9.2 Kalmoa may periodically adjust its prices, but such adjustment will not affect orders that have been placed and paid at the time of the adjustment, including any running subscriptions. Any price adjustment during a subscription term will only enter into effect for that Customer upon renewal of the subscription term. Customers will be notified of any price adjustment for subscription renewal at least thirty (30) days before the renewal date.
9.3 Payment for Hardware or Services must be made in full in advance. In case of a subscription for Services, that means payment for the initial subscription term. Each Customer will be timely informed of the applicable prices for a renewal of the subscription term. Hardware will not be shipped and Services will not be activated before full payment is received. Specific terms and conditions may apply to vouchers provided by Kalmoa.

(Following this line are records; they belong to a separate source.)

(* Let $\varepsilon>0$ be a given security threshold (written $\mathsf{negl}(\lambda)$ in the paper) and let $\eta\in\mathbb{Z}^+$ satisfy $1/\eta<\varepsilon$. In the setting described in the context (with $M_o$ strictly positive definite), if \[ \frac{1}{\eta^2}\,\big\|M_c''\,(M_o')^{-1}\,M_c''\big\|\;\le\;\frac14\,\lambda_{\min}(M_o'), \] then both $M_f^{(0)}$ and $M_f^{(1)}$ are density matrices (Hermitian, positive semidefinite, trace one).
   Context: Let $d_1\ge d_2\ge 1$ be integers, $\mathcal H_M=(\mathbb C^2)^{\otimes d_1}$, $\mathcal H_{M_c}=(\mathbb C^2)^{\otimes d_2}$. For $n\ge 1$ and $k\in\{0,1\}^{2n}$ let $U_k=\bigotimes_{j=1}^{n}X^{k_{2j-1}}Z^{k_{2j}}$, where $X,Z$ are the Pauli matrices (quantum one-time pad). Let $M_o$ be a strictly positive definite density matrix on $\mathcal H_M$ and $M_c$ a density matrix on $\mathcal H_{M_c}$. For keys $k\in\{0,1\}^{2d_1}$, $k'\in\{0,1\}^{2d_2}$ put $M_o'=U_kM_oU_k^\dagger$ and $M_c'=U_{k'}M_cU_{k'}^\dagger$. Let $V:\mathcal H_{M_c}\to\mathcal H_M$ be the isometry $V|\psi\rangle=|\psi\rangle\otimes|0\rangle^{\otimes(d_1-d_2)}$ and $M_c''=VM_c'V^\dagger$. On $\mathbb C^2\otimes\mathcal H_M$ (block form with respect to the computational basis of the first, control, qubit) define \[ M_a^{(0)}=\begin{pmatrix}\tfrac12M_o'&0\\0&\tfrac12M_o'\end{pmatrix},\qquad M_a^{(1)}=\begin{pmatrix}\tfrac12M_o'&\tfrac1\eta M_c''\\ \tfrac1\eta (M_c'')^\dagger&\tfrac12M_o'\end{pmatrix}. \] For a $2^{d_1+1}\times2^{d_1+1}$ permutation matrix $U_\sigma$ let $M_f^{(b)}=U_\sigma M_a^{(b)}U_\sigma^\dagger$ for $b\in\{0,1\}$. Here $\|\cdot\|$ is the operator norm and $\lambda_{\min}$ the smallest eigenvalue. *)

(* Complex scalars: an arbitrary numClosedFieldType C
   (e.g. algC, or complex R for a real closed field R). *)
From HB Require Import structures.
From mathcomp Require Import all_boot all_order all_algebra all_fingroup.
From mathcomp Require Import sesquilinear spectral.
Set Implicit Arguments. Unset Strict Implicit. Unset Printing Implicit Defensive.
Import Order.TTheory GRing.Theory Num.Theory.
Local Open Scope ring_scope.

9.4 Automatic Renewal and Cancellation. If you purchase a subscription to the Services, your subscription will automatically renew at the end of each subscription period unless you cancel before the renewal date. You may cancel your subscription at any time by contacting Kalmoa by email to support@kalmoa.com, but cancellation will be effective at the end of the then-current subscription period, and no refunds will be provided for the remainder of the current subscription period except as required by applicable law. You will receive notice of any price increase at least thirty (30) days before your renewal date, and you will have the opportunity to cancel before the new price takes effect.

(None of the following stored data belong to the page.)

Definition monster (K : Type) : Prop :=
  (exists e : nat -> K, injective e) /\
  (~ exists g : K -> (Fn L + Rl L)%type, injective g) /\
  saturated K /\ strongly_homogeneous K.

(** L_x(C) (formulas in the variables x with parameters from C, modulo T = Th(M))
    is represented by the C-definable sets of assignments nat -> M defined by a
    formula whose free variables lie in x.  The embedding L_x(C) -> L_xy(C),
    phi(x) |-> phi(x) /\ y = y, is then literally the inclusion. *)
Definition Lform (C : M -> Prop) (x : seq nat) (S : (nat -> M) -> Prop) : Prop :=
  exists q : formula, (forall i, ffv q i -> i \in x) /\ (forall c, fpar q c -> C c) /\
    S = (fun v => sat v q).

Definition setTM : M -> Prop := fun _ => True.

Definition is_kmeasure (D : ((nat -> M) -> Prop) -> Prop)
  (m : ((nat -> M) -> Prop) -> R) : Prop :=
  (forall S, D S -> (0 <= m S)%R) /\
  m (fun _ => True) = 1%R /\
  (forall S1 S2, D S1 -> D S2 -> (forall v, S1 v -> S2 v -> False) ->
     m (fun v => S1 v \/ S2 v) = (m S1 + m S2)%R).

Definition agree (D : ((nat -> M) -> Prop) -> Prop) (m1 m2 : ((nat -> M) -> Prop) -> R) :=
  forall S, D S -> m1 S = m2 S.

Definition smooth (A : M -> Prop) (x : seq nat) (mu : ((nat -> M) -> Prop) -> R) : Prop :=
  forall mu', is_kmeasure (Lform setTM x) mu' ->
    agree (Lform A x) mu' mu -> agree (Lform setTM x) mu' mu.

(** mu >=_{E,A} nu.  pi_x(omega) = mu means omega agrees with mu on L_x(U)
    (embedded in L_xy(U)); omega|_A = lambda means agreement on L_xy(A). *)
Definition E_ge (A : M -> Prop) (x y : seq nat)
  (mu nu : ((nat -> M) -> Prop) -> R) : Prop :=
  exists lam, is_kmeasure (Lform A (x ++ y)) lam /\
    agree (Lform A x) lam mu /\
    forall omega, is_kmeasure (Lform setTM (x ++ y)) omega ->
      agree (Lform A (x ++ y)) omega lam ->
      agree (Lform setTM x) omega mu ->
      agree (Lform setTM y) omega nu.

End Syntax.

From mathcomp Require Import all_boot.
From Stdlib Require Import Reals Lra.
From mathcomp Require Import boolp classical_sets.

(* By the Łoś–Marczewski extension theorem, a finitely additive probability on a
   Boolean algebra of sets extends to any larger algebra, taking at a prescribed
   set the value of its inner measure.  Hence a smooth mu coincides on every
   formula with the inner measure computed from mu|_A.  Given nu' agreeing with
   nu over A and a formula chi(y), extend lambda to a global omega with
   omega(chi) = inner_lambda(chi).  Inner regularity of mu gives pi_x(omega) >= mu,
   hence pi_x(omega) = mu and so pi_y(omega) = nu.  An A-formula phi(x,y) below chi
   lies below its projection (exists x) phi, an A-formula in y still below chi,
   whence nu(chi) <= nu'(chi); the same for ~chi gives equality. *)

Set Implicit Arguments.
Unset Strict Implicit.
Unset Printing Implicit Defensive.

Local Open Scope classical_set_scope.
Local Open Scope R_scope.

Definition Rlub (P : set R) : R :=
  match pselect (bound P /\ exists r, P r) with
  | left h => proj1_sig (completeness P h.1 h.2)
  | right _ => 0
  end.

Lemma Rlub_is_lub P : bound P -> (exists r, P r) -> is_lub P (Rlub P).
Proof.
move=> ub ne; rewrite /Rlub; case: pselect => [h | []]; last by split.
exact: proj2_sig.
Qed.

Section SetAlgebra.
Variables (L : Language) (M : Structure L).
Local Notation point := (nat -> M).
Implicit Types (B D : set (set point)) (m : set point -> R) (S E a b c : set point).

Definition setalgebra B :=
  [/\ B setT, (forall S, B S -> B (~` S)) & (forall S1 S2, B S1 -> B S2 -> B (S1 `&` S2))].

Section Algebra.
Variables (B : set (set point)).
Hypothesis hB : setalgebra B.

Lemma algebraT : B setT. Proof. by case: hB. Qed.
Lemma algebraC S : B S -> B (~` S). Proof. by case: hB => _ + _; apply. Qed.
Lemma algebraI S1 S2 : B S1 -> B S2 -> B (S1 `&` S2). Proof. by case: hB => _ _; apply. Qed.
Lemma algebra0 : B set0. Proof. by rewrite -setCT; exact/algebraC/algebraT. Qed.
Lemma algebraD S1 S2 : B S1 -> B S2 -> B (S1 `\` S2).
Proof. by move=> h1 h2; apply/algebraI/algebraC. Qed.
Lemma algebraU S1 S2 : B S1 -> B S2 -> B (S1 `|` S2).
Proof.
by move=> h1 h2; rewrite -[_ `|` _]setCK setCU; apply/algebraC/algebraI; apply/algebraC.
Qed.

End Algebra.

Section Kmeasure.
Variables (B : set (set point)) (m : set point -> R).
Hypotheses (hB : setalgebra B) (hm : is_kmeasure B m).

Lemma kmeasure_ge0 S : B S -> 0 <= m S. Proof. by case: hm => + _; apply. Qed.
Lemma kmeasureT : m setT = 1. Proof. by case: hm => _ []. Qed.
Lemma kmeasureU S1 S2 : B S1 -> B S2 -> S1 `<=` ~` S2 -> m (S1 `|` S2) = m S1 + m S2.
Proof. by case: hm => _ [_]; apply. Qed.

Lemma kmeasure_split S a : B S -> B a -> m S = m (S `&` a) + m (S `\` a).
Proof.
move=> hS ha; rewrite -{1}(setUIDK S a) kmeasureU //.
- exact: algebraI.
- exact: algebraD.
- by move=> v [_ ?] [].
Qed.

9.5 Automatic Renewal Notice (Required by Some States). By agreeing to these Customer Terms and purchasing a subscription, you agree that your subscription will continue and automatically renew until you cancel. You authorize Kalmoa to charge the payment method on file for the renewal price. You may cancel at any time to avoid future charges. To cancel, log in to your Kalmoa account, go to Settings (or Billing / Subscription), select Manage subscription, and click Cancel subscription. You can also cancel by emailing support@kalmoa.com from the email address associated with your account, stating you want to cancel and including your account email and (if available) your order/receipt number.You will receive a reminder email before each renewal with instructions on how to cancel.
10. Limited Warranty and Disclaimers
Limited Hardware Warranty
10.1 Kalmoa warrants that the Hardware will be free from defects in materials and workmanship under normal use for a period of one (1) year from the date of purchase by the original purchaser ("Warranty Period"). This limited warranty is non-transferable and applies only to the original purchaser who purchased the Hardware directly from Kalmoa or an authorized Kalmoa retailer. This limited warranty gives you specific legal rights, and you may also have other rights which vary from state to state.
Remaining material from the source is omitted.